A Critical Reassessment of Evolutionary Algorithms on the cryptanalysis of the simplified data encryption standard algorithm
Fabien Teytaud, Cyril Fonlupt

TL;DR
This paper critically evaluates the effectiveness of evolutionary algorithms, specifically genetic algorithms, in cryptanalyzing the simplified DES, revealing their limitations and showing they perform worse than random search due to lack of fitness gradient.
Contribution
It demonstrates that standard fitness functions are ineffective for genetic algorithms in this context and provides experimental evidence of their poor performance compared to random search.
Findings
Genetic algorithms perform worse than random search in this cryptanalysis task.

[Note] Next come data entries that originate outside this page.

Lemma unique_min_sqr_gap (f : R -> R) (s K : R) : 0 < s -> 0 < K ->
  (forall t, 0 < t -> f s + K * (t - s) ^+ 2 / t <= f t) -> unique_min f s.
Proof.
move=> s0 K0 fge; have gap_ge0 t : 0 < t -> 0 <= K * (t - s) ^+ 2 / t.
  by move=> t0; rewrite divr_ge0 ?(ltW t0) // mulr_ge0 ?sqr_ge0 ?(ltW K0).
split=> // t t0; first by apply: le_trans (fge t t0); rewrite lerDl gap_ge0.
move=> ft; have := fge t t0; rewrite ft gerDl => gap_le0.
have /eqP : K * (t - s) ^+ 2 / t = 0 by apply/eqP; rewrite eq_le gap_le0 gap_ge0.
by rewrite !mulf_eq0 invr_eq0 (gt_eqF K0) (gt_eqF t0) /= orbF orbb subr_eq0 => /eqP.
Qed.

End RealFunctions.

Lemma tangent_weight_gt0 (F : realFieldType) (c a m s : F) : 0 < c -> 0 < s ->
  s ^+ 2 * (c + m ^+ 2) = c + a ^+ 2 -> 0 < a + m -> 0 < a + s * m.
Proof.
move=> c0 s0 hs am.
have key : (a + s * m) * (a - s * m) * (c + m ^+ 2) = c * (a - m) * (a + m).
  have -> : (a + s * m) * (a - s * m) * (c + m ^+ 2) =
    a ^+ 2 * (c + m ^+ 2) - m ^+ 2 * (s ^+ 2 * (c + m ^+ 2)) by ring.
  by rewrite hs; ring.
have cm : 0 < c + m ^+ 2 by rewrite ltr_wpDr ?sqr_ge0.
have [m0|m0] := lerP m 0.
  have am' : 0 < (a - m) * (a + m) by rewrite mulr_gt0 //; lra.
  have : 0 < (a + s * m) * (a - s * m) * (c + m ^+ 2) by rewrite key -mulrA mulr_gt0.
  rewrite pmulr_lgt0 //; have : s * m <= 0 by rewrite pmulr_rle0.
  nra.
have [a0|a0] := lerP 0 a; first by rewrite ltr_wpDl // mulr_gt0.
have am' : (a - m) * (a + m) < 0 by rewrite nmulr_rlt0; lra.
have : (a + s * m) * (a - s * m) * (c + m ^+ 2) < 0 by rewrite key -mulrA pmulr_rlt0.
rewrite pmulr_llt0 //; have : 0 < s * m by rewrite mulr_gt0.
nra.
Qed.

Section Corollary.
Variable R : realType.
Variables rho alpha mu : R.
Hypotheses (rho_gtN1 : -1 < rho) (rho_lt1 : rho < 1).
Hypotheses (alpha_gt0 : 0 < alpha) (mu_gt0 : 0 < mu).
Implicit Types (s t : R) (x : 'cV[R]_2) (i j : 'I_2).

Lemma bvec1 t : bvec alpha mu t idx1 0 = 1 + t.
Proof. by rewrite mxE. Qed.

Lemma bvec2 t : bvec alpha mu t idx2 0 = alpha + mu * t.
Proof. by rewrite mxE. Qed.

Lemma bvec_gt0 t k : 0 <= t -> 0 < bvec alpha mu t k 0.
Proof.
move=> t0; case: (ord2_cases k) => ->; rewrite ?bvec1 ?bvec2.
  by rewrite ltr_pwDl.
by rewrite ltr_pwDl // mulr_ge0 // ltW.
Qed.

Lemma col2_bvec0 k : col2 1 alpha k 0 = bvec alpha mu 0 k 0.
Proof. by case: (ord2_cases k) => ->; rewrite !mxE /= ?addr0 ?mulr0 ?addr0. Qed.

Lemma qform_Sigma_ge0 x : 0 <= qform (Sigma rho) x.
Proof.
rewrite (qform_SigmaE rho_gtN1 rho_lt1 _ (isT : idx1 != idx2)).
exact: le_trans (sqr_ge0 _) (q2_ge_sqr rho_gtN1 rho_lt1 _ _).
Qed.

Lemma g_ge t L : 0 < t ->
  (forall x, vle (bvec alpha mu t) x -> L <= qform (Sigma rho) x) ->
  t^-1 * L <= g rho alpha mu t.
Proof.
move=> t0 Lle; rewrite /g ler_pM2l ?invr_gt0 //; apply: lb_le_inf.
  by exists (qform (Sigma rho) (bvec alpha mu t)), (bvec alpha mu t).
by move=> _ [x bx <-]; apply: Lle.
Qed.
Theorem corollary2 (G g : R -> R) (n k : nat) (tau : R) :
  (2 <= n)%nat -> (1 <= k)%nat -> (k <= n - 1)%nat ->
  is_cont_cdf G ->
  (forall y, in_supp G y -> 0 < g y) ->
  (forall y, in_supp G y -> continuity_pt g y) ->
  (forall y z, in_supp G y -> in_supp G z -> y < z -> g z < g y) ->
  (* lim_{y -> r_G^-} g(y) = 0 *)
  (forall eps, 0 < eps -> exists y0, in_supp G y0 /\
     forall y, in_supp G y -> y0 < y -> Rabs (g y) < eps) ->
  (* tau = lim_{y -> l_G^+} [g(y)]^(-1/(k+1)) *)
  (forall eps, 0 < eps -> exists y0, in_supp G y0 /\
     forall y, in_supp G y -> y < y0 ->
       Rabs (Rpower (g y) (- (1 / (INR k + 1))) - tau) < eps) ->
  ((forall s t, in_supp G s -> in_supp G t -> s < t ->
      cond_exp_record_is G k g s t
        (Rpower (g t) (INR k / (INR k + 1)) * Rpower (g s) (1 / (INR k + 1))))
   <->
   (exists c, 0 < c /\ forall y, in_supp G y ->
      G y = 1 - exp (- (c * (Rpower (g y) (- (1 / (INR k + 1))) - tau))))).
Proof.
  intros _ Hk _ HG Hgpos Hgcont Hgdec _ Htau.
  destruct k as [|m]; [lia|].
  set (p := 1 / (INR (S m) + 1)) in *.
  assert (Hp : 0 < p) by (apply Rdiv_lt_0_compat; [lra | assert (HH := pos_INR (S m)); lra]).
  set (h := fun y => Rpower (g y) (- p)).
  apply iff_trans with (exists c d, 0 < c /\ forall y, in_supp G y -> Rhaz G y = c * h y + d);
    [| exact (affine_hazard_iff_cdf G HG h tau Htau)].
  apply iff_trans with (forall s t, in_supp G s -> in_supp G t -> s < t -> record_identity g h (Rhaz G) m s t).
  - unfold cond_exp_record_is, cond_cdf, record_identity, h, p.
    split; intros H s t Hs Ht Hst; specialize (H s t Hs Ht Hst);
      rewrite record_value in *; exact H.
  - apply record_identity_iff_affine.
    + exact (supp_interval G HG).
    + intros y _. apply exp_pos.
    + intros y z Hy Hz Hyz. apply Rpower_neg_antitone; auto.
    + intros y Hy. apply Rpower_comp_cont; auto.
    + intros y Hy. unfold h, p. rewrite Rpower_root_pow, Rinv_inv by auto. reflexivity.
    + exact (hazard_mono G HG).
    + exact (supp_two_points G HG).
Qed.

Standard n-gram based fitness functions are irrelevant for genetic algorithms in this context.
No correlation exists between fitness value and proximity to the correct key.
Abstract
In this paper we analyze the cryptanalysis of the simplified data encryption standard algorithm using meta-heuristics and in particular genetic algorithms. The classic fitness function when using such an algorithm is to compare n-gram statistics of a the decrypted message with those of the target message. We show that using such a function is irrelevant in case of Genetic Algorithm, simply because there is no correlation between the distance to the real key (the optimum) and the value of the fitness, in other words, there is no hidden gradient. In order to emphasize this assumption we experimentally show that a genetic algorithm perform worse than a random search on the cryptanalysis of the simplified data encryption standard algorithm.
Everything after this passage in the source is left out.